Start by asking: who holds the token, and who checks it? Then think about what the router must do when no replica qualifies — you'll find that choice forces you to explicitly trade off latency against the consistency guarantee.

Show answer

After the username write, embed the primary's LSN in the user's session cookie (a small file stored in the browser) and pass it with the profile-page read request; the router picks any replica at or beyond that LSN.

  • The write returns LSN 9201. The session cookie is updated: { min_lsn: 9201 }. On the next request, the router polls each replica's current LSN — a cheap metadata call — and selects one that has caught up.
  • During a normal 80ms lag, all five replicas catch up well within a single page-load round-trip (~200–300ms), so the user never notices any slowdown.
  • During a 2-second spike, zero replicas qualify. You now choose: wait up to, say, 300ms then fall back to the primary (good UX, costs primary read capacity), or return stale data with a "refreshing…" UI hint (cheap, but visible glitch).
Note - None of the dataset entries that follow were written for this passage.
Lemma exchange_or_close :
  (exists2 z', is_binary z' /\ H *m z' = b &
     mismatch xstar z' \proper mismatch xstar z) \/
  vnorm_1 (xstar - map_mx intr z) <= ((cn + #|F|).+1 * (2 * k * Δ).+1 ^ k)%N%:R.
Proof.
have [s [uniq_s mem_s bound_s]] := steinitz (ler0n R Δ) dev_le sum_dev.
have [short | [s1 [blk [s2 [def_s blk0 blk_np blk_sum]]]]] :=
  prefix_pigeonhole dev_intE bound_s.
  right; apply: le_trans dist_le_card _; rewrite ler_nat.
  rewrite -(eq_card mem_s) (card_uniqP uniq_s); apply: ltnW (leq_trans short _).
  by rewrite leq_mul2r ltnS count_nonint ?orbT.
left; apply: exchange blk0 blk_np blk_sum.
  by move: uniq_s; rewrite def_s !cat_uniq => /and3P [_ _ /andP []].
by move=> x blk_x; rewrite -mem_s def_s !mem_cat blk_x orbT.
Qed.

End OneSolution.

Lemma close_solution z : is_binary z -> H *m z = b ->
  exists zh : 'cV[int]_n, [/\ is_binary zh, H *m zh = b &
    vnorm_1 (xstar - map_mx intr zh) <= ((cn + #|F|).+1 * (2 * k * Δ).+1 ^ k)%N%:R].
Proof.
have [N] := ubnP #|mismatch xstar z|; elim: N z => // N IH z ltN z01 Hz.
have [[z' [z'01 Hz'] lt_z'] | close] := exchange_or_close z01 Hz; last by exists z.
exact: IH (leq_trans (proper_card lt_z') ltN) z'01 Hz'.
Qed.

End Exchange.

Lemma vnorm_inf_ge (R : realFieldType) k (u : 'cV[R]_k) l : `|u l 0| <= vnorm_inf u.
Proof. exact: (@le_bigmax _ _ _ 0 (fun i : 'I_k => `|u i 0|) l). Qed.

Lemma ceil_vnorm_inf_ge0 (R : archiRealFieldType) k (u : 'cV[R]_k) d :
  0 <= d -> 0 <= Num.ceil (vnorm_inf u / d).
Proof.
move=> d0; rewrite ceil_ge0 (lt_le_trans (ltrN10 _)) // divr_ge0 //.
by rewrite /vnorm_inf; elim/big_ind: _ => // x y x0 y0; rewrite le_max x0.
Qed.

Lemma rhs_gap_le_ceil (R : archiRealFieldType) k n (H : 'M[int]_(k, n))
    (bstar : 'cV[R]_k) (b : 'cV[int]_k) (x : 'cV[R]_n) (z : 'cV[int]_n) :
  map_mx intr H *m x = bstar -> H *m z = b -> forall l,
  `|bstar l 0 - (b l 0)%:~R| <=
    (Num.ceil (vnorm_inf (bstar - map_mx intr b) / (mx_entry_max H)%:R))%:~R
    * (mx_entry_max H)%:R.
Proof.
move=> Hx Hz l; have [Δ0|Δ_gt0] := posnP (mx_entry_max H).
  have H0 l' i : H l' i = 0.
    by apply/eqP; rewrite -absz_eq0 -leqn0 -Δ0 mx_entry_max_ge.
  rewrite -Hz -Hx !mxE !big1 ?subrr ?normr0 ?Δ0 ?mulr0 // => i _;
    by rewrite ?mxE H0 mul0r.
have := ceil_itv (vnorm_inf (bstar - map_mx intr b) / (mx_entry_max H)%:R).
rewrite ler_pdivrMr ?ltr0n // => /andP [_]; apply: le_trans.
by have := vnorm_inf_ge (bstar - map_mx intr b) l; rewrite !mxE.
Qed.

Theorem mainTheorem2 (R : archiRealFieldType) (k n : nat)
  (H : 'M[int]_(k, n)) (bstar : 'cV[R]_k) (b : 'cV[int]_k) (phi : nat)
  (xstar : 'cV[R]_n)
  (hx01 : forall i, 0 <= xstar i 0 <= 1)
  (hHx : map_mx intr H *m xstar = bstar)
  (hfrac : (#|[set i | (xstar i ord0 != 0%R) && (xstar i ord0 != 1%R)]| <= phi)%N)
  (hsol : exists z : 'cV[int]_n, is_binary z /\ H *m z = b) :
  exists zh : 'cV[int]_n, is_binary zh /\ H *m zh = b /\
    vnorm_1 (xstar - map_mx intr zh) <=
      ((Num.ceil (vnorm_inf (bstar - map_mx intr b) / (mx_entry_max H)%:R))%:~R
        + phi%:R + 1)
      * ((2 * k * mx_entry_max H + 1)%:R) ^+ k.
Proof.
have [z [z01 Hz]] := hsol.
set c := Num.ceil _.
have cnE : (`|c|%N%:R : R) = c%:~R.
  by rewrite natr_absz ger0_norm // ceil_vnorm_inf_ge0.
have bstar_near l : `|bstar l 0 - (b l 0)%:~R| <= `|c|%N%:R * (mx_entry_max H)%:R.
  by rewrite cnE; exact: rhs_gap_le_ceil hHx Hz l.
have [zh [zh01 Hzh close]] := close_solution hx01 hHx bstar_near z01 Hz.
exists zh; split=> //; split=> //; apply: le_trans close _.
rewrite natrM natrX addn1 ler_wpM2r ?exprn_ge0 //.
by rewrite -addn1 !natrD cnE lerD2r lerD2l ler_nat.
Qed.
Most production systems choose the primary fallback with a short timeout — the primary is already handling the write load, and one extra read per affected user is negligible.
  • But why not just always read from the primary? Because that eliminates horizontal read scalability entirely — the entire point of replicas is to absorb read traffic, and on a busy social app reads outnumber writes 100:1 or more. Falling back to the primary is a safety valve, not the default path.
  • Watch out: replica LSN metadata must itself be fresh — if replicas report their LSN lazily (e.g., every 500ms), your router may route to a replica that thinks it's caught up but isn't.